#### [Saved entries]
^^^^^^^^
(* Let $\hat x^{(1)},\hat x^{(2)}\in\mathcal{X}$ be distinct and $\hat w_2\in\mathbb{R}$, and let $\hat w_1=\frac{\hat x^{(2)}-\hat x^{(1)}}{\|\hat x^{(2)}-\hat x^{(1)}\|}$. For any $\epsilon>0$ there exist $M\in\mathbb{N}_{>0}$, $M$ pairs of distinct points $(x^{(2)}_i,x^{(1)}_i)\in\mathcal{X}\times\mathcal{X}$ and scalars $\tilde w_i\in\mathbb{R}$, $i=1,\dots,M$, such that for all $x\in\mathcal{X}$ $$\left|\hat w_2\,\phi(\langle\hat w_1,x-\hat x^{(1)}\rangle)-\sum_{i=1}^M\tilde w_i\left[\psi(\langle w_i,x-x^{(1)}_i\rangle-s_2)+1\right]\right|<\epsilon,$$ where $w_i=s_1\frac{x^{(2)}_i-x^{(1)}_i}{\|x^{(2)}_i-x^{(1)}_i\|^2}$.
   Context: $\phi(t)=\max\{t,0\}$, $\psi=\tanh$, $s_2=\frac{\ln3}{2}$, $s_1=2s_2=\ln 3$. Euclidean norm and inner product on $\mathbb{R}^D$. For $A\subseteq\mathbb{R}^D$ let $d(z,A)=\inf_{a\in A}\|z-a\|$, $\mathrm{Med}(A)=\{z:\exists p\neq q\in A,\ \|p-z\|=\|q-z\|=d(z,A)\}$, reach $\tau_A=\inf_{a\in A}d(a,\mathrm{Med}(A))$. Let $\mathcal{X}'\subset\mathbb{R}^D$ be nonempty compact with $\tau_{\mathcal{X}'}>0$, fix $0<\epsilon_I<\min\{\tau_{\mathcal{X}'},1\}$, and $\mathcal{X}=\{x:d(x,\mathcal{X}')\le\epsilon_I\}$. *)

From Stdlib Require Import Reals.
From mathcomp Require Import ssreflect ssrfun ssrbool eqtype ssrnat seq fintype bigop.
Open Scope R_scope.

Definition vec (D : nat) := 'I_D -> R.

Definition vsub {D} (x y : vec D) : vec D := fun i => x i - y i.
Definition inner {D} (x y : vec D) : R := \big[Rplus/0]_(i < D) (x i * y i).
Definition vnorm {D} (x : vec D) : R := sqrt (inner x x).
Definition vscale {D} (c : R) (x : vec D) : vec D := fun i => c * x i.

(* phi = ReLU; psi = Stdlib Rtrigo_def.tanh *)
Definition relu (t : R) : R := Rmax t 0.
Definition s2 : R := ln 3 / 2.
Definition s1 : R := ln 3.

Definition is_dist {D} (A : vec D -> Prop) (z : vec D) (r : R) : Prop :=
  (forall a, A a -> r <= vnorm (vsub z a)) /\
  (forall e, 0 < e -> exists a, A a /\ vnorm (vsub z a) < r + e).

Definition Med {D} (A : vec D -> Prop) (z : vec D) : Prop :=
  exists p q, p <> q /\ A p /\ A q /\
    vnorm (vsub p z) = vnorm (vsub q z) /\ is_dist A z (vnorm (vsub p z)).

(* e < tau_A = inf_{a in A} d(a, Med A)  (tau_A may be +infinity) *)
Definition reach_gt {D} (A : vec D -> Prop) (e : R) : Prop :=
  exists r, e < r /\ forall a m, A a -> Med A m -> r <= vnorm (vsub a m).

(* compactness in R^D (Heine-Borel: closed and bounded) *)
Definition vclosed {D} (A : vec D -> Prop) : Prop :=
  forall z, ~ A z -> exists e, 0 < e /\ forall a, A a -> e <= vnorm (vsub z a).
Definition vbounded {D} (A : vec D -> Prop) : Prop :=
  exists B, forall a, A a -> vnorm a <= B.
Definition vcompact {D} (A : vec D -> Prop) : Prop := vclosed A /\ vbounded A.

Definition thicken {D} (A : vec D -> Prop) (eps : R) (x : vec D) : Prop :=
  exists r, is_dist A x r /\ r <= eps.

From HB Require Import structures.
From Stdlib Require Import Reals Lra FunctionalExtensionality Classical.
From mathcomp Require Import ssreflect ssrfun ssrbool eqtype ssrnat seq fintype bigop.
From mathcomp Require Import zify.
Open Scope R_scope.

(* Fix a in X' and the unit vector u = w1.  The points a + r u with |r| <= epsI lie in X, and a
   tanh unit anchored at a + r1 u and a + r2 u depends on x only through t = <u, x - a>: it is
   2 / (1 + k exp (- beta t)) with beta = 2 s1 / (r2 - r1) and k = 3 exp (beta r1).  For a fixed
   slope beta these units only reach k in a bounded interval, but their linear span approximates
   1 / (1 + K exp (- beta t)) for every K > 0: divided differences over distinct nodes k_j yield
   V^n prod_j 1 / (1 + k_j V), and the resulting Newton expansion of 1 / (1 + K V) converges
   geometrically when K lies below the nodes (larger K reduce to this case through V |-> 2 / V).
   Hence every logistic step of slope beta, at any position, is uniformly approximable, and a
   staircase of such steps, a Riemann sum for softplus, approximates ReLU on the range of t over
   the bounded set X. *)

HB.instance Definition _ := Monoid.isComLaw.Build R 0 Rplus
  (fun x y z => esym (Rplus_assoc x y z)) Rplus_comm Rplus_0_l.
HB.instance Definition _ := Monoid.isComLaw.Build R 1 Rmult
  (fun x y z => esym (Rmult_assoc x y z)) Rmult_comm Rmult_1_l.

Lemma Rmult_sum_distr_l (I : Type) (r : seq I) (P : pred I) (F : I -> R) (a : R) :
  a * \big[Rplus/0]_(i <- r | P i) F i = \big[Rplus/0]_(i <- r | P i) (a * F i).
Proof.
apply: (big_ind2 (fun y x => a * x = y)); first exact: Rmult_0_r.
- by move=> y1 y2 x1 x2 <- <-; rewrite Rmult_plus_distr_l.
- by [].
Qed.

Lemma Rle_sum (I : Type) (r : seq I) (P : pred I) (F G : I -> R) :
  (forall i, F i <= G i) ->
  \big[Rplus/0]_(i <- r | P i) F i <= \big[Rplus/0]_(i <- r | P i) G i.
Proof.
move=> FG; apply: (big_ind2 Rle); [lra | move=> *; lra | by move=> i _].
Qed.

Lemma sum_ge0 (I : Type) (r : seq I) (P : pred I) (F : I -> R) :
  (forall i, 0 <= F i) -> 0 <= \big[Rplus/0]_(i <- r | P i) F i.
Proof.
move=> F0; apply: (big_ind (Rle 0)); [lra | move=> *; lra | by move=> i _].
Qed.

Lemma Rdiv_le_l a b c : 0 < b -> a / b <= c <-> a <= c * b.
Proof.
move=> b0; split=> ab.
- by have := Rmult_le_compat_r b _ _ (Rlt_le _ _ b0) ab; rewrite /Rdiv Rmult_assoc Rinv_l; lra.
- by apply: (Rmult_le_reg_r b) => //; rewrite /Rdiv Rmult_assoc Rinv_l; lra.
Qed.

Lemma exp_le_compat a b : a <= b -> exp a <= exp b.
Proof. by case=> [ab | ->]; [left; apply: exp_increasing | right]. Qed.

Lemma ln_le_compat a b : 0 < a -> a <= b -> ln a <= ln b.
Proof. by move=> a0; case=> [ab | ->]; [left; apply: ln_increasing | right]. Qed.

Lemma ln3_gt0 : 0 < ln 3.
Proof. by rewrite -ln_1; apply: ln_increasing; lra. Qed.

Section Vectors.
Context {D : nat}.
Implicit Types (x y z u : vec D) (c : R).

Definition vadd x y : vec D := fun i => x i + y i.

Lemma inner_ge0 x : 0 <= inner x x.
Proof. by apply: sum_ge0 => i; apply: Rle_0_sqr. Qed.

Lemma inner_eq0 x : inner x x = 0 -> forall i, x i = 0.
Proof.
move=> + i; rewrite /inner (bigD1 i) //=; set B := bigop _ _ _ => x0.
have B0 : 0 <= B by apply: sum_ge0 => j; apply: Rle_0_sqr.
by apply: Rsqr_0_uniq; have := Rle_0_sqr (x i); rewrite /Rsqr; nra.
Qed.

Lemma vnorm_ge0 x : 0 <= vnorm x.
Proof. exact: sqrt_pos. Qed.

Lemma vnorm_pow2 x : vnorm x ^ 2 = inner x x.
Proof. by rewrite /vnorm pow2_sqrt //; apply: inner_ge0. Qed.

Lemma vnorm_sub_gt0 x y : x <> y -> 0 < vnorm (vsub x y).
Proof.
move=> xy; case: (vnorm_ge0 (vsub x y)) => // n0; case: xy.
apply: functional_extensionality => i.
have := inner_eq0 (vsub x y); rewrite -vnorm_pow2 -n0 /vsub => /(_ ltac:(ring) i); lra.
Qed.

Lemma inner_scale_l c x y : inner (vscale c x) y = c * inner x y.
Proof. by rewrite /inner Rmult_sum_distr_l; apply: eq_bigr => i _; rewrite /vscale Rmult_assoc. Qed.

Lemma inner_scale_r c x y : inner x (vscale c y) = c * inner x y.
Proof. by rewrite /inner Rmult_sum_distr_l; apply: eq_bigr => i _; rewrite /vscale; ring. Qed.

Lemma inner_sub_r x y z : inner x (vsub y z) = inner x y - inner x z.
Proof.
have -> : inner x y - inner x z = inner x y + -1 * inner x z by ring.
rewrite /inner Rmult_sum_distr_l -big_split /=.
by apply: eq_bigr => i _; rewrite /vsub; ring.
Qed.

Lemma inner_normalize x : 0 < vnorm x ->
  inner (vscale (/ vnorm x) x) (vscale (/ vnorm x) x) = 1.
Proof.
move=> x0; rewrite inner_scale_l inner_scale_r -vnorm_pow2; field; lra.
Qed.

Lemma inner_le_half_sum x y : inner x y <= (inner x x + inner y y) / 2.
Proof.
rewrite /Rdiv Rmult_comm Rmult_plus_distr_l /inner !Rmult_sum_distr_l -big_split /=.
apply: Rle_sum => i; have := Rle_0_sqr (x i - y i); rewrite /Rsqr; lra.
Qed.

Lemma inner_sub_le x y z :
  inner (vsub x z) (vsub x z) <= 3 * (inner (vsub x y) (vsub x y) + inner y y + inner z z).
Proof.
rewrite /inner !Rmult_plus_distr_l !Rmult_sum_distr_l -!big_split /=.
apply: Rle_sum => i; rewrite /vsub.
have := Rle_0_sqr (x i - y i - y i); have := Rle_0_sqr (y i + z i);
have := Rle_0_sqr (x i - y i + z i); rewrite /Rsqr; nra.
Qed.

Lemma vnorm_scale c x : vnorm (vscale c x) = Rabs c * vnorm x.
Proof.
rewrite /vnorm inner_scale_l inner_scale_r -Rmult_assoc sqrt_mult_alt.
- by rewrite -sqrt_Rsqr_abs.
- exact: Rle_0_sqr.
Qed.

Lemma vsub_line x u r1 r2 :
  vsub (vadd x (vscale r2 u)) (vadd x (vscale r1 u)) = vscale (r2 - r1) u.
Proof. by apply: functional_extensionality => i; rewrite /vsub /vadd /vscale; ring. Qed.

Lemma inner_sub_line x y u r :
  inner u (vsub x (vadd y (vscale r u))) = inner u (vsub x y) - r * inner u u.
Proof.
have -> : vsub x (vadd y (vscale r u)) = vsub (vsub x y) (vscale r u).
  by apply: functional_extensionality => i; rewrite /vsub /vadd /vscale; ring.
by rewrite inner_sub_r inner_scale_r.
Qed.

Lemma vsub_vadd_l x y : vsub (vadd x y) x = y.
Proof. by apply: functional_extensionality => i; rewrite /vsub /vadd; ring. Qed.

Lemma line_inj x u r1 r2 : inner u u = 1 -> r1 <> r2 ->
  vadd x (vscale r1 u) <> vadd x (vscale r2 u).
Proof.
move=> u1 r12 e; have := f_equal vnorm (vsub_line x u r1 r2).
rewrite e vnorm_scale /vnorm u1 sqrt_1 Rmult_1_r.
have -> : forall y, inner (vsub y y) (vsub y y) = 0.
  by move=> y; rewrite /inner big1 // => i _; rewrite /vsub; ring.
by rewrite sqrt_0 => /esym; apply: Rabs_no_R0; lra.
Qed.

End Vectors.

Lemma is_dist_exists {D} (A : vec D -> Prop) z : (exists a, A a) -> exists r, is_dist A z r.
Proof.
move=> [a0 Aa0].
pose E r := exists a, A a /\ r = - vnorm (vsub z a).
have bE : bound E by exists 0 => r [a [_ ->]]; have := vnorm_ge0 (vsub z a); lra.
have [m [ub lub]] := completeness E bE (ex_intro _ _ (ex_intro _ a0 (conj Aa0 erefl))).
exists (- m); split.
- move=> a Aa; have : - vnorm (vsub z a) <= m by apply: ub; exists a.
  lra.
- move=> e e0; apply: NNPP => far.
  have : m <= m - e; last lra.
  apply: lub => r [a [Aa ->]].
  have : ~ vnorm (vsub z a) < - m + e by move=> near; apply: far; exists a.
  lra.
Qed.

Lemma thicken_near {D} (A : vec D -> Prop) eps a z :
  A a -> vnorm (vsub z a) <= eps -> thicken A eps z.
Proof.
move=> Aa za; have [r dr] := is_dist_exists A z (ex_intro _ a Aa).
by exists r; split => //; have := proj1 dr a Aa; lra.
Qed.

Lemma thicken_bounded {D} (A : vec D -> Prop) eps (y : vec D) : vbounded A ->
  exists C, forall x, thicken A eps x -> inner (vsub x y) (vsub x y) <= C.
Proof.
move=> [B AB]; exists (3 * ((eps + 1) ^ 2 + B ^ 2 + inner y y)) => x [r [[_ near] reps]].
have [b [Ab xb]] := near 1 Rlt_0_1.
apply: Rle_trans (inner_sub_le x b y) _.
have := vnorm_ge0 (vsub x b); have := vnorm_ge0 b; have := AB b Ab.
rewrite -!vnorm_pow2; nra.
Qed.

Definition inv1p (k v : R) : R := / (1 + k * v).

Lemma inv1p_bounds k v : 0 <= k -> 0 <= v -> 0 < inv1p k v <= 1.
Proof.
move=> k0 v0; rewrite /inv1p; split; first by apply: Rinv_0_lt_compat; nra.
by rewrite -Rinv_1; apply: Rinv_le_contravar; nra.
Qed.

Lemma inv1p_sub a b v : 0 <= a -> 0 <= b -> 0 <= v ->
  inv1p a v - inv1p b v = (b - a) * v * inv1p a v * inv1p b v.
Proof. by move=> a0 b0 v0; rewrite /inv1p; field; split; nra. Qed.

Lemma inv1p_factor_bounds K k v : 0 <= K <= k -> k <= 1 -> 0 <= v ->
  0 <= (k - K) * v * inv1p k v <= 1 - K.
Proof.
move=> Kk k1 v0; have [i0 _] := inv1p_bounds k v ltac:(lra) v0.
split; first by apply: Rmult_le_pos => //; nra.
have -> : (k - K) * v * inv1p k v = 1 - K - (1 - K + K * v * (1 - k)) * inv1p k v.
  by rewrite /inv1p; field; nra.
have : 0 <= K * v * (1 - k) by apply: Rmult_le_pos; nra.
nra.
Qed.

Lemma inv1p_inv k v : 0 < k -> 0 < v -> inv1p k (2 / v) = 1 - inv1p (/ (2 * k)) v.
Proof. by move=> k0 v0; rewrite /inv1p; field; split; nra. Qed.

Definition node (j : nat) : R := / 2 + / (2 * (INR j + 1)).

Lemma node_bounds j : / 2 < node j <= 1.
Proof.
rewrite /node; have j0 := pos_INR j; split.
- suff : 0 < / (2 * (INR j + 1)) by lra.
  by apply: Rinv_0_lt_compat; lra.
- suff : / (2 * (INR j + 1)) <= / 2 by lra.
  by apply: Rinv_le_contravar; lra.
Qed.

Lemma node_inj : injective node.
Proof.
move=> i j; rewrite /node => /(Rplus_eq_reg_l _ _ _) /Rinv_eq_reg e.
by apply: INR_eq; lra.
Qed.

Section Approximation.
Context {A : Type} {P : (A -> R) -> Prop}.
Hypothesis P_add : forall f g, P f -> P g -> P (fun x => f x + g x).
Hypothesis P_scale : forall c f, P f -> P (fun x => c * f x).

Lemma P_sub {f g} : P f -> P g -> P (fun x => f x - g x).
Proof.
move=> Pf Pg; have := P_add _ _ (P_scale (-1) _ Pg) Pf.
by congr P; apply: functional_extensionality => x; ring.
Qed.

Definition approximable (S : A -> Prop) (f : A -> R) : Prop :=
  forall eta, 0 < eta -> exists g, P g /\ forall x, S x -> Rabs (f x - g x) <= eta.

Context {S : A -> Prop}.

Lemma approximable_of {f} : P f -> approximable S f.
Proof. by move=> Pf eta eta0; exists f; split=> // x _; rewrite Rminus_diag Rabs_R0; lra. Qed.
^^^^^^^^
#### [Task prompt]
Copy each line from the data above that includes "with".

#### [Reply]
   Context: $\phi(t)=\max\{t,0\}$, $\psi=\tanh$, $s_2=\frac{\ln3}{2}$, $s_1=2s_2=\ln 3$. Euclidean norm and inner product on $\mathbb{R}^D$. For $A\subseteq\mathbb{R}^D$ let $d(z,A)=\inf_{a\in A}\|z-a\|$, $\mathrm{Med}(A)=\{z:\exists p\neq q\in A,\ \|p-z\|=\|q-z\|=d(z,A)\}$, reach $\tau_A=\inf_{a\in A}d(a,\mathrm{Med}(A))$. Let $\mathcal{X}'\subset\mathbb{R}^D$ be nonempty compact with $\tau_{\mathcal{X}'}>0$, fix $0<\epsilon_I<\min\{\tau_{\mathcal{X}'},1\}$, and $\mathcal{X}=\{x:d(x,\mathcal{X}')\le\epsilon_I\}$. *)
(* Fix a in X' and the unit vector u = w1.  The points a + r u with |r| <= epsI lie in X, and a
   2 / (1 + k exp (- beta t)) with beta = 2 s1 / (r2 - r1) and k = 3 exp (beta r1).  For a fixed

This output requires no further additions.